Section ICR.
Context {R : realType} (a : R) {m_p n_p n : nat}
  (H : 'M['F_2]_(m_p, n_p)) (G : 'M['F_2]_(m_p, n)).

Definition bitR (b : 'F_2) : R := (nat_of_ord b)%:R.

Definition mod2 (x : R) : R := x - 2 * (Num.floor (x / 2))%:~R.

Definition wt (x : 'cV['F_2]_n_p) : nat := #|[set i | x i 0 != 0]|.
Definition min_distance (d : nat) : Prop :=
  (exists x : 'cV['F_2]_n_p, x != 0 /\ H *m x = 0 /\ wt x = d) /\
  (forall x : 'cV['F_2]_n_p, x != 0 -> H *m x = 0 -> (d <= wt x)%N).

Definition in_code (c : 'rV['F_2]_n) : Prop := exists h : 'rV['F_2]_m_p, c = h *m G.

(* c(u) = h_u^T G and x(u)_k = 2a (c(u)_k - 1/2);  indices u are 0-based *)
Definition codeword (u : 'I_n_p) : 'rV['F_2]_n := (col u H)^T *m G.
Definition xsig (u : 'I_n_p) : 'rV[R]_n :=
  \row_k (2 * a * (bitR (codeword u 0 k) - 1 / 2)).

Definition phi_input (y : 'rV[R]_n) (th : nat) : 'rV[R]_n :=
  \row_k mod2 (y 0 k / (2 * a) + th%:R / 2).

Context (T : nat) (D : 'rV[R]_n -> option 'rV['F_2]_n).

(* basic decoder Phi; on any flagged error it returns the empty set *)
Definition Phi (y : 'rV[R]_n) (th : nat) : {set 'I_n_p} :=
  match D (phi_input y th) with
  | None => set0
  | Some c =>
    match [pick h : 'rV['F_2]_m_p | h *m G == c] with
    | None => set0
    | Some h =>
      match [pick S0 : {set 'I_n_p} |
               (#|S0| <= T)%N && (\sum_(u in S0) col u H == h^T)] with
      | None => set0
      | Some S0 => S0
      end
    end
  end.

(* ICR procedure with fuel: returns the list of states (y^(l), th^(l)) at which
   Phi was called, and Some [L^(1); ...; L^(tau)] or None (error). *)
Fixpoint icr_run (fuel : nat) (y : 'rV[R]_n) (th : nat)
  : seq ('rV[R]_n * nat) * option (seq {set 'I_n_p}) :=
  let L := Phi y th in
  if #|L| == th then ([:: (y, th)], Some [:: L])
  else if (th < #|L|)%N then ([:: (y, th)], None)
  else if odd (th - #|L|) then ([:: (y, th)], None)
  else match fuel with
       | 0 => ([:: (y, th)], None)
       | fuel'.+1 =>
         let r := icr_run fuel' ((1 / 2) *: (y - \sum_(u in L) xsig u))
                               ((th - #|L|)./2) in
         ((y, th) :: r.1, omap (cons L) r.2)
       end.

(* fuel th.+1 suffices: th strictly decreases along a continuing run *)
Definition icr_lists (y : 'rV[R]_n) (th : nat) := (icr_run th.+1 y th).2.
Definition icr_D_inputs (y : 'rV[R]_n) (th : nat) : seq 'rV[R]_n :=
  [seq phi_input p.1 p.2 | p <- (icr_run th.+1 y th).1].

Definition L_out (Ls : seq {set 'I_n_p}) : {set 'I_n_p} :=
  head set0 Ls :\: \bigcup_(S0 <- behead Ls) S0.
Definition zhat (y : 'rV[R]_n) (Ls : seq {set 'I_n_p}) : 'rV[R]_n :=
  y - \sum_(l < size Ls) (2 ^+ l : R) *: \sum_(u in nth set0 Ls l) xsig u.

End ICR.

From mathcomp Require Import all_boot all_order all_algebra.
From mathcomp Require Import reals.
From mathcomp Require Import ring zify.
Import Order.TTheory GRing.Theory Num.Theory.
Set Implicit Arguments. Unset Strict Implicit. Unset Printing Implicit Defensive.
Local Open Scope ring_scope.

(* If index u is sent m_u times, then y/(2a) + t/2 = sum_u m_u c(u) + zt over the reals,
   so the decoder D sees the codeword (sum_u m_u h_u)^T G plus the noise, and the syndrome
   sum_u m_u h_u mod 2 is that of the at most T indices of odd multiplicity; bounded-distance
   decoding therefore returns exactly {u | m_u odd}.  Subtracting their signals and halving
   gives the same situation with multiplicities m_u/2 and noise zt/2, so the ICR procedure
   reads off the binary digits of the multiplicities: an index sent once occurs in the first
   list only, and the weighted subtraction removes exactly sum_u m_u x(u), leaving z. *)

Section Mod2.
Variable R : realType.

Lemma mod2_add2n (x : R) (k : nat) : mod2 (x + 2 * k%:R) = mod2 x.
Proof.
rewrite /mod2 (_ : (x + 2 * k%:R) / 2 = x / 2 + k%:R); last by field.
rewrite floorDrz ?natr_int // -[k%:R]/((k%:Z)%:~R : R) intrKfloor.
by rewrite rmorphD /=; ring.
Qed.

Lemma mod2_natD (N : nat) (x : R) : mod2 (N%:R + x) = mod2 ((odd N)%:R + x).
Proof.
rewrite -{1}(odd_double_half N) -muln2 natrD natrM -addrA [_ * 2]mulrC.
by rewrite [_ * _ + x]addrC addrA mod2_add2n.
Qed.

Lemma bitR_natr (N : nat) : bitR (N%:R : 'F_2) = (odd N)%:R :> R.
Proof. by rewrite /bitR val_Fp_nat // modn2. Qed.

End Mod2.

Lemma F2_natr_odd (N : nat) : (N%:R : 'F_2) = (odd N)%:R.
Proof. by apply: val_inj; rewrite /= !val_Fp_nat // modn2; case: odd. Qed.

Lemma sum_natrZ_F2 (I : finType) (V : lmodType 'F_2) (m : I -> nat) (v : I -> V) :
  \sum_u (m u)%:R *: v u = \sum_(u in [set u | odd (m u)]) v u.
Proof.
rewrite [RHS]big_mkcond /=; apply: eq_bigr => u _.
by rewrite inE F2_natr_odd; case: odd; rewrite ?scale1r ?scale0r.
Qed.

Section Multiplicities.
Variable I : finType.
Implicit Types m : I -> nat.

Lemma sumn_odd_half m :
  (\sum_u m u = #|[set u | odd (m u)]| + (\sum_u (m u)./2).*2)%N.
Proof.
rewrite -sum1_card [in RHS]big_mkcond /= -muln2 big_distrl -big_split /=.
by apply: eq_bigr => u _; rewrite inE muln2 -[in LHS](odd_double_half (m u)); case: odd.
Qed.

Lemma card_odd_le_sum m : (#|[set u | odd (m u)]| <= \sum_u m u)%N.
Proof. by rewrite sumn_odd_half leq_addr. Qed.

Lemma sum_natrZ_odd_half (S : pzRingType) (V : lmodType S) m (v : I -> V) :
  \sum_u (m u)%:R *: v u =
  \sum_(u in [set u | odd (m u)]) v u + 2 *: \sum_u ((m u)./2)%:R *: v u.
Proof.
rewrite [in RHS]big_mkcond scaler_sumr -big_split /=; apply: eq_bigr => u _.
rewrite inE scalerA -natrM -[in LHS](odd_double_half (m u)) natrD scalerDl.
by rewrite -mul2n; case: odd; rewrite ?scale1r ?scale0r.
Qed.

Lemma card_fibres (U : finType) (A : {set U}) (idx : U -> I) :
  #|A| = (\sum_u #|[set i in A | idx i == u]|)%N.
Proof.
rewrite -sum1_card (partition_big idx predT) //=; apply: eq_bigr => u _.
by rewrite -sum1_card; apply: eq_bigl => i; rewrite inE.
Qed.

Lemma sum_fibres (S : pzRingType) (V : lmodType S) (U : finType) (A : {set U})
    (idx : U -> I) (v : I -> V) :
  \sum_(i in A) v (idx i) = \sum_u #|[set i in A | idx i == u]|%:R *: v u.
Proof.
rewrite (partition_big idx predT) //=; apply: eq_bigr => u _.
rewrite (eq_bigr (fun=> v u)) => [|i /andP[_ /eqP ->] //].
by rewrite scaler_nat -sumr_const; apply: eq_bigl => i; rewrite inE.
Qed.

End Multiplicities.

Section Syndrome.
Variables (m_p n_p : nat) (H : 'M['F_2]_(m_p, n_p)).

Definition indic (S : {set 'I_n_p}) : 'cV['F_2]_n_p := \col_i (i \in S)%:R.

Lemma indic_inj : injective indic.
Proof.
move=> S S' /colP eqSS'; apply/setP => i; have := eqSS' i; rewrite !mxE.
by case: (i \in S); case: (i \in S').
Qed.

Lemma mul_indic S : H *m indic S = \sum_(u in S) col u H.
Proof.
apply/colP => j; rewrite !mxE summxE [in RHS]big_mkcond /=; apply: eq_bigr => i _.
by rewrite !mxE; case: (i \in S); rewrite ?mulr1 ?mulr0.
Qed.

Lemma wt_gt0 (x : 'cV['F_2]_n_p) : x != 0 -> (0 < wt x)%N.
Proof.
move=> xn0; rewrite /wt card_gt0; apply: contraNneq xn0 => x0.
apply/eqP/colP => i; rewrite mxE; apply/eqP/negPn/negP => xi.
by have := in_set0 i; rewrite -x0 inE xi.
Qed.

Lemma wt_indicB S S' : (wt (indic S - indic S') <= #|S| + #|S'|)%N.
Proof.
apply: leq_trans (leq_subr #|S :&: S'| _); rewrite -cardsU subset_leq_card //.
apply/subsetP => i; rewrite !inE !mxE.
by case: (i \in S); case: (i \in S').
Qed.

Lemma syndrome_inj (d : nat) (S S' : {set 'I_n_p}) :
  min_distance H d -> (#|S| <= (d.-1)./2)%N -> (#|S'| <= (d.-1)./2)%N ->
  \sum_(u in S) col u H = \sum_(u in S') col u H -> S = S'.
Proof.
move=> [_ mdH] leS leS' eqHS.
have [/subr0_eq/indic_inj // | nz] := eqVneq (indic S - indic S') 0.
have := mdH (indic S - indic S') nz; rewrite mulmxBr !mul_indic eqHS subrr => /(_ erefl).
by have := wt_gt0 nz; have := wt_indicB S S'; lia.
Qed.

End Syndrome.

Section Decoding.
Variables (R : realType) (a : R) (m_p n_p n : nat).
Variables (H : 'M['F_2]_(m_p, n_p)) (G : 'M['F_2]_(m_p, n)) (d : nat).
Variable D : 'rV[R]_n -> option 'rV['F_2]_n.
Hypotheses (a_gt0 : 0 < a) (G_free : row_free G) (H_dist : min_distance H d).

Local Notation T := (d.-1)./2.
Local Notation x := (xsig a H G).

Lemma codeword_sum (m : 'I_n_p -> nat) :
  (\sum_u (m u)%:R *: col u H)^T *m G = \sum_u (m u)%:R *: codeword H G u.
Proof.
rewrite linear_sum mulmx_suml; apply: eq_bigr => u _.
by rewrite linearZ /= -scalemxAl.
Qed.

Lemma phi_input_multiset (m : 'I_n_p -> nat) (w : 'rV[R]_n) :
  phi_input a (\sum_u (m u)%:R *: x u + w) (\sum_u m u) =
  \row_k mod2 (bitR ((\sum_u (m u)%:R *: codeword H G u) 0 k) + w 0 k / (2 * a)).
Proof.
apply/rowP => k; rewrite !mxE.
pose N := (\sum_u m u * codeword H G u 0%R k)%N.
have -> : (\sum_u (m u)%:R *: codeword H G u) 0 k = N%:R.
  by rewrite summxE natr_sum; apply: eq_bigr => u _; rewrite !mxE natrM natr_Zp.
rewrite bitR_natr -mod2_natD; congr mod2.
rewrite summxE natr_sum
  (eq_bigr (fun u => 2 * a * (m u * codeword H G u 0%R k)%:R - a * (m u)%:R)).
  by rewrite sumrB -!mulr_sumr -!natr_sum; field; rewrite gt_eqF.
by move=> u _; rewrite 2!mxE natrM /bitR; field.
Qed.

Lemma Phi_decoded (y : 'rV[R]_n) (th : nat) (h : 'rV['F_2]_m_p) (S : {set 'I_n_p}) :
  D (phi_input a y th) = Some (h *m G) -> (#|S| <= T)%N ->
  \sum_(u in S) col u H = h^T -> Phi a H G T D y th = S.
Proof.
move=> Dy leST hS; rewrite /Phi Dy.
case: pickP => [h' /eqP/(row_free_inj G_free) -> | /(_ h)]; last by rewrite eqxx.
case: pickP => [S' /andP[leS'T /eqP hS'] | /(_ S)]; last by rewrite leST hS eqxx.
by apply: (syndrome_inj H_dist leS'T leST); rewrite hS' hS.
Qed.

Lemma Phi_multiset (m : 'I_n_p -> nat) (w : 'rV[R]_n) :
  let y := \sum_u (m u)%:R *: x u + w in
  (\sum_u m u <= T)%N ->
  (forall c, in_code G c ->
     phi_input a y (\sum_u m u) = \row_k mod2 (bitR (c 0 k) + w 0 k / (2 * a)) ->
     D (phi_input a y (\sum_u m u)) = Some c) ->
  Phi a H G T D y (\sum_u m u) = [set u | odd (m u)].
Proof.
move=> y leT decD; set h := \sum_u (m u)%:R *: col u H.
have Dy : D (phi_input a y (\sum_u m u)) = Some (h^T *m G).
  by apply: decD; [exists h^T | rewrite codeword_sum phi_input_multiset].
apply: Phi_decoded Dy (leq_trans (card_odd_le_sum m) leT) _.
by rewrite trmxK /h sum_natrZ_F2.
Qed.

WHAT IS BEING ASKED:
Take the lines from the first line of the listing to the line containing "match [pick S0". Please print them exactly, ends included, with nothing else.

EXERCISE ANSWER:
Section ICR.
Context {R : realType} (a : R) {m_p n_p n : nat}
  (H : 'M['F_2]_(m_p, n_p)) (G : 'M['F_2]_(m_p, n)).

Definition bitR (b : 'F_2) : R := (nat_of_ord b)%:R.

Definition mod2 (x : R) : R := x - 2 * (Num.floor (x / 2))%:~R.

Definition wt (x : 'cV['F_2]_n_p) : nat := #|[set i | x i 0 != 0]|.
Definition min_distance (d : nat) : Prop :=
  (exists x : 'cV['F_2]_n_p, x != 0 /\ H *m x = 0 /\ wt x = d) /\
  (forall x : 'cV['F_2]_n_p, x != 0 -> H *m x = 0 -> (d <= wt x)%N).

Definition in_code (c : 'rV['F_2]_n) : Prop := exists h : 'rV['F_2]_m_p, c = h *m G.

(* c(u) = h_u^T G and x(u)_k = 2a (c(u)_k - 1/2);  indices u are 0-based *)
Definition codeword (u : 'I_n_p) : 'rV['F_2]_n := (col u H)^T *m G.
Definition xsig (u : 'I_n_p) : 'rV[R]_n :=
  \row_k (2 * a * (bitR (codeword u 0 k) - 1 / 2)).

Definition phi_input (y : 'rV[R]_n) (th : nat) : 'rV[R]_n :=
  \row_k mod2 (y 0 k / (2 * a) + th%:R / 2).

Context (T : nat) (D : 'rV[R]_n -> option 'rV['F_2]_n).

(* basic decoder Phi; on any flagged error it returns the empty set *)
Definition Phi (y : 'rV[R]_n) (th : nat) : {set 'I_n_p} :=
  match D (phi_input y th) with
  | None => set0
  | Some c =>
    match [pick h : 'rV['F_2]_m_p | h *m G == c] with
    | None => set0
    | Some h =>
      match [pick S0 : {set 'I_n_p} |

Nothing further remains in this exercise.